(Stored items)
Start of Block

(* Let $$\Pi_0(\phi)=2\sum_{n=1}^{\infty}\frac{(-1)^{n-1}}{n^3\binom{2n}{n}}\,\phi^{n-1}=1-\frac{\phi}{24}+\frac{\phi^2}{270}+\cdots,$$ a power series converging on the disc $|\phi|<4$. Then $\Pi_0$ satisfies the ordinary differential equation $$\Big((4+\phi)\vartheta^4+(10+4\phi)\vartheta^3+(8+6\phi)\vartheta^2+(2+4\phi)\vartheta+\phi\Big)\Pi_0(\phi)=0,$$ where $\vartheta=\phi\,\frac{d}{d\phi}$.
   Context: $\binom{2n}{n}$ denotes the central binomial coefficient. The operator $\vartheta=\phi\frac{d}{d\phi}$ is the Euler derivative, and $\vartheta^k$ denotes its $k$-fold iterate. *)

From Stdlib Require Import Reals ClassicalEpsilon.
From Coquelicot Require Import Coquelicot.
Open Scope C_scope.

Definition central_binom (n : nat) : R := Binomial.C (2 * n) n.

(* coefficient of phi^m in Pi_0 (i.e. n = m+1 in the paper's sum):
   2 (-1)^(n-1) / (n^3 binom(2n,n)) *)
Definition Pi0_coef (m : nat) : C :=
  RtoC (2 * (-1) ^ m / ((INR (S m)) ^ 3 * central_binom (S m)))%R.

(* the sum of the power series (chosen classically; meaningful where it converges) *)
Definition Pi0 (phi : C) : C :=
  epsilon (inhabits (RtoC 0)) (fun l => is_series (fun m => Pi0_coef m * phi ^ m) l).

(* complex derivative of f at z (chosen classically; meaningful where f is differentiable) *)
Definition CDerive (f : C -> C) (z : C) : C :=
  epsilon (inhabits (RtoC 0)) (fun l => is_derive f z l).

Definition theta (f : C -> C) : C -> C := fun phi => phi * CDerive f phi.
Fixpoint theta_n (k : nat) (f : C -> C) : C -> C :=
  match k with O => f | S k => theta (theta_n k f) end.
(* Let $\varphi:\mathbb{R}^n\to[0,\infty]$ be a lower semicontinuous convex function with $\varphi(0)=0$, and let $\varphi^\circ(x)=\sup_{y\in\mathbb{R}^n}\frac{\langle x,y\rangle-1}{\varphi(y)}$. Then for every $t>0$, \[ \underline{K}_{1/t}(\varphi)^\circ\subseteq \underline{K}_t(\varphi^\circ)\subseteq 2\,\underline{K}_{1/t}(\varphi)^\circ . \]
   Context: For a function $\psi$ and $s\in\mathbb{R}$, $\underline{K}_s(\psi)=\{x\in\mathbb{R}^n:\psi(x)\le s\}$. For a set $K\subseteq\mathbb{R}^n$, its polar is $K^\circ=\{y\in\mathbb{R}^n:\ \langle x,y\rangle\le 1\ \text{for all } x\in K\}$. In the definition of $\varphi^\circ$ the usual conventions of the $\mathcal{A}$-transform are used: $a/0=+\infty$ if $a>0$, $a/0=0$ if $a\le 0$, and $a/\infty=0$. *)

From HB Require Import structures.
From mathcomp Require Import all_boot all_order all_algebra.
From mathcomp Require Import all_classical all_reals all_analysis.
Set Implicit Arguments. Unset Strict Implicit. Unset Printing Implicit Defensive.
Import Order.TTheory GRing.Theory Num.Theory.
Import numFieldNormedType.Exports.
Local Open Scope classical_set_scope.
Local Open Scope ring_scope.

Definition dotp (R : realType) (n : nat) (x y : 'rV[R]_n) : R :=
  \sum_(i < n) x ord0 i * y ord0 i.

(* convexity of an extended-real valued function (intended for [0,+oo]-valued) *)
Definition econvex (R : realType) (n : nat) (f : 'rV[R]_n -> \bar R) : Prop :=
  forall (x y : 'rV[R]_n) (l : R), 0 < l -> l < 1 ->
    (f (l *: x + (1 - l) *: y)%R <= l%:E * f x + (1 - l)%:E * f y)%E.

(* a / b with the A-transform conventions:
   a/0 = +oo if a > 0, a/0 = 0 if a <= 0, a/oo = 0 *)
Definition adiv (R : realType) (a : R) (b : \bar R) : \bar R :=
  match b with
  | r%:E => if r == 0 then (if 0 < a then +oo%E else 0%E) else (a / r)%:E
  | _ => 0%E
  end.

Definition polarfun (R : realType) (n : nat) (phi : 'rV[R]_n -> \bar R)
  (x : 'rV[R]_n) : \bar R :=
  ereal_sup [set adiv (dotp x y - 1) (phi y) | y in [set: 'rV[R]_n]].

Definition sublevel (R : realType) (n : nat) (psi : 'rV[R]_n -> \bar R) (s : R)
  : set 'rV[R]_n := [set x | (psi x <= s%:E)%E].

Definition polarset (R : realType) (n : nat) (K : set 'rV[R]_n) : set 'rV[R]_n :=
  [set y | forall x, K x -> dotp x y <= 1].

Definition dilate (R : realType) (n : nat) (c : R) (K : set 'rV[R]_n) : set 'rV[R]_n :=
  [set c *: x | x in K].

From HB Require Import structures.
From mathcomp Require Import all_boot all_order all_algebra.
From mathcomp Require Import all_classical all_reals all_analysis.
From mathcomp Require Import lra.
Import Order.TTheory GRing.Theory Num.Theory.
Import numFieldNormedType.Exports.
Local Open Scope classical_set_scope.
Local Open Scope ring_scope.

(* For nonnegative [phi], [phi^o(x) <= t] says [<x,y> - 1 <= t phi(y)] for all
   [y].  The second inclusion then only needs [phi(z) <= 1/t], i.e.
   [<x,z> <= 2].  For the first, convexity and [phi(0) = 0] give
   [phi(l z) <= l phi(z)], so a point [z] with [phi(z) = r > 1/t] rescaled by
   [l = 1/(t r)] lands in the sublevel set, whence [<y,z> <= t r]. *)

Section Polarity.
Local Set Implicit Arguments.
Local Unset Strict Implicit.
Variables (R : realType) (n : nat).
Implicit Types (phi : 'rV[R]_n -> \bar R) (x y z : 'rV[R]_n).

Lemma dotpC x y : dotp x y = dotp y x.
Proof. by apply: eq_bigr => i _; rewrite mulrC. Qed.

Lemma dotpZl (a : R) x y : dotp (a *: x) y = a * dotp x y.
Proof. by rewrite /dotp mulr_sumr; apply: eq_bigr => i _; rewrite mxE mulrA. Qed.

Lemma dotpZr (a : R) x y : dotp x (a *: y) = a * dotp x y.
Proof. by rewrite dotpC dotpZl dotpC. Qed.

Lemma adiv_le (a t : R) (b : \bar R) : 0 < t -> (0 <= b)%E ->
  (adiv a b <= t%:E)%E = (a%:E <= t%:E * b)%E.
Proof.
move=> t_gt0; case: b => [r| |] //= r_ge0; last first.
  by rewrite gt0_muley ?lte_fin // leey lee_fin ltW.
rewrite lee_fin in r_ge0; rewrite -EFinM !lee_fin.
case: eqP => [->|/eqP r_neq0]; last by rewrite lee_fin ler_pdivrMr // lt_def r_neq0.
rewrite mulr0; case: ltP => _; last by rewrite lee_fin ltW.
by apply/negbTE; rewrite -ltNge ltey.
Qed.

Lemma polarfun_le phi x (t : R) : 0 < t -> (forall y, 0 <= phi y)%E ->
  (polarfun phi x <= t%:E)%E <-> forall y, ((dotp x y - 1)%:E <= t%:E * phi y)%E.
Proof.
move=> t_gt0 phi_ge0; split => [phix_le y | H].
  by rewrite -adiv_le //; apply: le_trans phix_le; apply: ereal_sup_ubound; exists y.
by apply: ge_ereal_sup => _ [y _ <-]; rewrite adiv_le.
Qed.

Lemma econvex_scale_le phi (l : R) z : econvex phi -> phi 0 = 0%E ->
  0 < l -> l < 1 -> (phi (l *: z) <= l%:E * phi z)%E.
Proof.
move=> cvx phi00 l_gt0 l_lt1.
by have := cvx z 0 l l_gt0 l_lt1; rewrite scaler0 addr0 phi00 mule0 adde0.
Qed.

Lemma polar_sublevel_dotp_le phi (s r : R) y z :
  econvex phi -> phi 0 = 0%E -> 0 < s ->
  polarset (sublevel phi s) y -> phi z = r%:E -> dotp z y <= Num.max 1 (r / s).
Proof.
move=> cvx phi00 s_gt0 Ky phiz; rewrite le_max.
have [r_le_s|s_lt_r] := leP r s.
  by rewrite Ky // /sublevel /= phiz lee_fin.
have r_gt0 : 0 < r by apply: lt_trans s_lt_r.
have l_gt0 : 0 < s / r by rewrite divr_gt0.
have l_lt1 : s / r < 1 by rewrite ltr_pdivrMr // mul1r.
have : dotp (s / r *: z) y <= 1.
  apply: Ky; rewrite /sublevel /=.
  apply: le_trans (econvex_scale_le z cvx phi00 l_gt0 l_lt1) _.
  by rewrite phiz -EFinM lee_fin divfK ?gt_eqF.
by rewrite dotpZl -ler_pdivlMl // invf_div mulr1 => ->; rewrite orbT.
Qed.

Lemma polar_sublevel_sub phi (t : R) :
  (forall x, 0 <= phi x)%E -> econvex phi -> phi 0 = 0%E -> 0 < t ->
  polarset (sublevel phi t^-1) `<=` sublevel (polarfun phi) t.
Proof.
move=> phi_ge0 cvx phi00 t_gt0 y Ky; apply/polarfun_le => // z.
move: (phi_ge0 z); case phiz: (phi z) => [r| |] // r_ge0; last first.
  by rewrite gt0_muley ?lte_fin // leey.
rewrite lee_fin in r_ge0; rewrite -EFinM lee_fin dotpC.
have := polar_sublevel_dotp_le cvx phi00 _ Ky phiz; rewrite invrK invr_gt0.
move=> /(_ t_gt0); have := mulr_ge0 r_ge0 (ltW t_gt0).
by rewrite le_max => ? /orP[]; lra.
Qed.

Lemma sublevel_polarfun_sub phi (t : R) :
  (forall x, 0 <= phi x)%E -> 0 < t ->
  sublevel (polarfun phi) t `<=` dilate 2 (polarset (sublevel phi t^-1)).
Proof.
move=> phi_ge0 t_gt0 x /(polarfun_le _ t_gt0 phi_ge0) Hx.
exists (2^-1 *: x); last by rewrite scalerA mulfV ?scale1r.
move=> z phiz_le; rewrite dotpZr dotpC.
have : ((dotp x z - 1)%:E <= 1)%E.
  apply: le_trans (Hx z) _; apply: le_trans (lee_wpmul2l _ phiz_le) _.
    by rewrite lee_fin ltW.
  by rewrite -EFinM mulfV ?gt_eqF.
rewrite lee_fin; lra.
Qed.

End Polarity.

Theorem proposition2p9 (R : realType) (n : nat) (phi : 'rV[R]_n -> \bar R) :
  (forall x, (0 <= phi x)%E) ->
  lower_semicontinuous phi ->
  econvex phi ->
  phi 0 = 0%E ->
  forall t : R, 0 < t ->
    polarset (sublevel phi t^-1) `<=` sublevel (polarfun phi) t /\
    sublevel (polarfun phi) t `<=` dilate 2 (polarset (sublevel phi t^-1)).
Proof.
move=> phi_ge0 _ cvx phi00 t t_gt0; split.
- exact: polar_sublevel_sub.
- exact: sublevel_polarfun_sub.
Qed.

End of Block

What to do:
Extract, exactly, the lines above that begin at the line containing "have := polar_sublevel_dotp_le" and end at the final line of the records; add no other text.

Output for this exercise:
have := polar_sublevel_dotp_le cvx phi00 _ Ky phiz; rewrite invrK invr_gt0.
move=> /(_ t_gt0); have := mulr_ge0 r_ge0 (ltW t_gt0).
by rewrite le_max => ? /orP[]; lra.
Qed.

Lemma sublevel_polarfun_sub phi (t : R) :
  (forall x, 0 <= phi x)%E -> 0 < t ->
  sublevel (polarfun phi) t `<=` dilate 2 (polarset (sublevel phi t^-1)).
Proof.
move=> phi_ge0 t_gt0 x /(polarfun_le _ t_gt0 phi_ge0) Hx.
exists (2^-1 *: x); last by rewrite scalerA mulfV ?scale1r.
move=> z phiz_le; rewrite dotpZr dotpC.
have : ((dotp x z - 1)%:E <= 1)%E.
  apply: le_trans (Hx z) _; apply: le_trans (lee_wpmul2l _ phiz_le) _.
    by rewrite lee_fin ltW.
  by rewrite -EFinM mulfV ?gt_eqF.
rewrite lee_fin; lra.
Qed.

End Polarity.

Theorem proposition2p9 (R : realType) (n : nat) (phi : 'rV[R]_n -> \bar R) :
  (forall x, (0 <= phi x)%E) ->
  lower_semicontinuous phi ->
  econvex phi ->
  phi 0 = 0%E ->
  forall t : R, 0 < t ->
    polarset (sublevel phi t^-1) `<=` sublevel (polarfun phi) t /\
    sublevel (polarfun phi) t `<=` dilate 2 (polarset (sublevel phi t^-1)).
Proof.
move=> phi_ge0 _ cvx phi00 t t_gt0; split.
- exact: polar_sublevel_sub.
- exact: sublevel_polarfun_sub.
Qed.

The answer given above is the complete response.